El Departamento de Justicia firmó la orden para mover el cannabis al Apartado III de la Ley de Sustancias Controladas, un cambio histórico que reconoce su valor médico pero no implica legalización federal.

El fiscal general interino Todd Blanche firmó este jueves la orden que inicia oficialmente la reclasificación federal de la marihuana en Estados Unidos, cumpliendo así el decreto que el presidente Donald Trump había firmado en diciembre.
El cannabis dejará el Apartado I —donde figuran sustancias como la heroína y el MDMA, consideradas altamente adictivas y sin uso médico aceptado— para pasar al Apartado III, junto a sustancias como los esteroides, la ketamina o el paracetamol.
El cambio no implica la legalización federal del cannabis ni modifica su estatus para uso recreativo. Su alcance se limita a los más de 40 estados donde la marihuana ya es legal con fines médicos, y aplica tanto a productos aprobados por la FDA como a aquellos regulados bajo licencias estatales de marihuana medicinal.
Lo que sí representa es un reconocimiento oficial por parte del gobierno federal de algo que la legislación de gran parte del país ya asumía desde hace más de una década: que la marihuana tiene valor terapéutico.
El Departamento de Justicia también anunció que estudia "un análisis por la vía rápida" que podría derivar en una reclasificación más amplia.
Una nueva audiencia, prevista para el 29 de junio, evaluará posibles cambios de mayor alcance en el estatus federal del cannabis. Según el comunicado oficial, el conjunto de medidas busca dar "claridad a corto y largo plazo a investigadores, pacientes y proveedores", mientras se mantienen controles federales contra el tráfico ilícito.
La decisión marca uno de los cambios más significativos en décadas sobre la política federal de drogas en Estados Unidos, y representa un vuelco respecto a la llamada "guerra contra las drogas" que declaró el presidente Richard Nixon a principios de los años setenta. Hoy, el uso recreativo del cannabis es legal en 25 estados y el medicinal en 42.

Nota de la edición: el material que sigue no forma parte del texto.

Lemma foldr_minn_le z t x : x \in z :: t -> foldr minn z t <= x.
Proof.
elim: t => [|y t IH] /=; first by rewrite inE => /eqP ->.
have [-> _|xy xin] := eqVneq x y; first exact: geq_minl.
by rewrite geq_min IH ?orbT //; move: xin; rewrite !inE (negbTE xy).
Qed.

Lemma foldr_minn_mem z t : foldr minn z t \in z :: t.
Proof.
elim: t => [|y t IH] /=; first exact: mem_head.
rewrite /minn; case: ifP => _; first by rewrite !inE eqxx orbT.
by move: IH; rewrite !inE => /orP [->|->]; rewrite ?orbT.
Qed.

Lemma minF_le F x : x \in F -> minF F <= x.
Proof. by case: F => // z t xF; apply: foldr_minn_le; rewrite inE xF orbT. Qed.

Lemma minF_mem F : F != [::] -> minF F \in F.
Proof.
case: F => // z t _; change (foldr minn z (z :: t) \in z :: t).
by have := foldr_minn_mem z (z :: t); rewrite inE => /predU1P [->|//]; apply: mem_head.
Qed.

Lemma minF_sort F : F != [::] -> minF F = head 0 (sort leq F).
Proof.
move=> F0; have := mem_sort leq F; have := sort_sorted leq_total F.
case: (sort leq F) => [_ /(_ (minF F))|z t /= sF memF].
  by rewrite in_nil minF_mem.
apply/eqP; rewrite eqn_leq minF_le -?memF ?mem_head //=.
have := minF_mem F0; rewrite -memF inE => /predU1P [-> //|].
exact: (allP (order_path_min leq_trans sF)).
Qed.

Section SumsAlongChain.

Variables (A Y : nat -> nset).
Hypotheses (A_succ_sub : forall n x, A n.+1 x -> A n x)
  (Y_sub : forall n y, Y n y -> A n y)
  (Y_add : forall n x y, Y n y -> A n.+1 x -> A n (y + x)).

Lemma chain_sub m n x : m <= n -> A n x -> A m x.
Proof.
elim: n => [|n IH]; first by rewrite leqn0 => /eqP ->.
by rewrite leq_eqVlt => /predU1P [-> //|mn /A_succ_sub]; apply: IH.
Qed.

Lemma sum_sorted_in_chain F f : sorted ltn F -> F != [::] ->
  (forall n, n \in F -> Y n (f n)) -> A (head 0 F) (\sum_(n <- F) f n).
Proof.
elim: F => [//|n F IH] sF _ Yf; rewrite big_cons.
case: F IH sF Yf => [_ _ Yf|m F IH /= /andP [nm sF] Yf].
  by rewrite big_nil addn0; apply/Y_sub/Yf/mem_head.
apply/Y_add/(chain_sub nm); first exact/Yf/mem_head.
by apply: IH => // k kF; apply: Yf; rewrite inE kF orbT.
Qed.

Lemma sumset_in_chain F : F != [::] -> uniq F ->
  forall x, sumset Y F x -> A (minF F) x.
Proof.
move=> F0 uF x [f [Yf ->]].
rewrite minF_sort // -(perm_big _ (permEl (perm_sort leq F))).
apply: sum_sorted_in_chain => [||n]; last by rewrite mem_sort; apply: Yf.
- by rewrite ltn_sorted_uniq_leq sort_uniq uF sort_sorted //; apply: leq_total.
- by apply: contraNneq F0 => /(congr1 size); rewrite size_sort => /eqP; rewrite size_eq0.
Qed.
Definition cycle_table : chain_table := [::
  ([::0], [::([::0;1;2;3;4], - 1%:Z);
    ([::0;1;2;4;3], - 1%:Z);
    ([::0;1;3;2;4], - 1%:Z);
    ([::0;1;4;2;3], - 1%:Z);
    ([::0;3;1;2;4], - 1%:Z);
    ([::0;3;2;1;4], - 1%:Z);
    ([::0;4;1;2;3], - 1%:Z);
    ([::0;4;2;1;3], - 1%:Z);
    ([::2;0;1;3;4], - 1%:Z);
    ([::2;0;1;4;3], - 1%:Z);
    ([::2;0;3;1;4], - 1%:Z);
    ([::2;0;4;1;3], - 1%:Z);
    ([::2;3;0;1;4], - 1%:Z);
    ([::2;4;0;1;3], - 2%:Z);
    ([::3;0;1;2;4], - 2%:Z);
    ([::3;0;2;1;4], - 2%:Z);
    ([::3;0;2;4;1], - 1%:Z);
    ([::3;0;4;2;1], - 1%:Z);
    ([::3;2;0;1;4], - 1%:Z);
    ([::3;4;0;1;2], - 1%:Z);
    ([::3;4;0;2;1], - 1%:Z);
    ([::3;4;2;0;1], - 1%:Z);
    ([::4;0;1;2;3], - 1%:Z);
    ([::4;0;1;3;2], - 1%:Z);
    ([::4;0;2;1;3], - 1%:Z);
    ([::4;0;2;3;1], - 1%:Z);
    ([::4;0;3;1;2], - 1%:Z);
    ([::4;0;3;2;1], - 1%:Z);
    ([::4;2;0;1;3], - 1%:Z);
    ([::4;2;0;3;1], - 1%:Z);
    ([::4;2;3;0;1], - 1%:Z);
    ([::4;3;0;1;2], - 1%:Z);
    ([::4;3;0;2;1], - 1%:Z);
    ([::4;3;2;0;1], - 1%:Z)]);
  ([::1], [::([::0;1;2;3;4], - 1%:Z);
    ([::0;1;2;4;3], - 1%:Z);
    ([::0;1;3;2;4], - 1%:Z);
    ([::0;1;4;2;3], - 1%:Z);
    ([::0;2;1;4;3], - 1%:Z);
    ([::0;2;4;1;3], - 1%:Z);
    ([::3;0;1;4;2], - 1%:Z);
    ([::3;0;4;1;2], - 1%:Z)]);
  ([::2], [::([::0;1;2;4;3], - 1%:Z);
    ([::0;1;4;2;3], - 1%:Z);
    ([::0;2;1;3;4], - 1%:Z);
    ([::0;2;1;4;3], - 1%:Z);
    ([::0;2;3;1;4], - 1%:Z);
    ([::0;2;4;1;3], - 1%:Z);
    ([::2;1;0;3;4], 1%:Z)]);
  ([::3], [::([::0;1;2;4;3], 1%:Z);
    ([::0;1;4;2;3], 1%:Z);
    ([::0;2;1;4;3], 1%:Z);
    ([::0;2;4;1;3], 1%:Z);
    ([::1;0;2;4;3], - 1%:Z);
    ([::1;0;4;2;3], - 1%:Z);
    ([::2;1;0;4;3], 1%:Z);
    ([::3;0;1;2;4], 1%:Z);
    ([::3;0;2;1;4], 1%:Z);
    ([::3;1;0;2;4], 1%:Z);
    ([::3;1;2;0;4], 1%:Z);
    ([::3;2;0;1;4], 1%:Z);
    ([::3;2;1;0;4], 1%:Z)]);
  ([::4], [::([::0;1;2;3;4], 1%:Z);
    ([::0;1;3;2;4], 1%:Z);
    ([::0;3;1;2;4], 1%:Z);
    ([::0;4;1;2;3], 1%:Z);
    ([::1;3;0;2;4], 1%:Z);
    ([::1;3;2;0;4], 1%:Z);
    ([::1;4;0;2;3], 1%:Z);
    ([::1;4;2;0;3], 1%:Z);
    ([::3;0;1;2;4], 1%:Z);
    ([::3;1;0;2;4], 1%:Z);
    ([::3;1;2;0;4], 1%:Z);
    ([::4;0;1;2;3], 1%:Z);
    ([::4;0;1;3;2], 1%:Z);
    ([::4;0;3;1;2], 1%:Z);
    ([::4;1;0;3;2], 1%:Z);
    ([::4;1;2;3;0], 1%:Z);
    ([::4;1;3;0;2], 1%:Z);
    ([::4;1;3;2;0], 1%:Z);
    ([::4;3;0;1;2], 1%:Z);
    ([::4;3;1;0;2], 1%:Z);
    ([::4;3;1;2;0], 1%:Z)]);
  ([::5], [::([::1;4;0;2;3], 1%:Z);
    ([::1;4;2;0;3], 1%:Z)]);
  ([::6], [::([::0;2;1;4;3], 1%:Z);
    ([::3;2;1;4;0], 1%:Z)]);
  ([::7], [::([::2;0;1;4;3], 1%:Z);
    ([::2;0;4;1;3], 1%:Z);
    ([::2;4;0;1;3], 1%:Z);
    ([::2;4;1;0;3], 1%:Z)]);
  ([::8], [::([::0;1;2;4;3], 1%:Z);
    ([::1;0;2;4;3], 1%:Z);
    ([::3;0;2;4;1], 1%:Z);
    ([::3;1;2;4;0], 1%:Z)]);
  ([::9], [::([::0;1;2;3;4], 1%:Z);
    ([::0;1;3;2;4], 1%:Z);
    ([::1;0;2;3;4], 1%:Z);
    ([::1;0;3;2;4], 1%:Z);
    ([::2;0;1;3;4], 1%:Z);
    ([::2;0;3;1;4], 1%:Z);
    ([::2;1;0;3;4], 1%:Z);
    ([::2;1;3;0;4], 1%:Z)])].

El anuncio original lo hizo Trump en diciembre desde el Despacho Oval, rodeado de pacientes, médicos, un militar retirado y emprendedores de la industria cannábica.
El presidente argumentó que la medida beneficiará a personas con "dolencias incurables, cánceres agresivos, convulsiones, trastornos neurológicos" y a veteranos con secuelas de su servicio, entre otros. Tras sus palabras, las acciones de empresas del sector que cotizan en bolsa registraron una notable subida.
La reclasificación llega días después de que Trump firmara otro decreto para acelerar la revisión federal de la ibogaína, un potente componente psicoactivo de origen africano que grupos de veteranos promueven por su potencial en el tratamiento del estrés postraumático. El locutor Joe Rogan, una de las figuras más influyentes en el triunfo electoral de Trump, estuvo presente en esa ceremonia en la Casa Blanca, en un gesto interpretado como un acercamiento entre ambos tras las críticas del comunicador a la postura de Washington frente al conflicto entre Israel e Irán.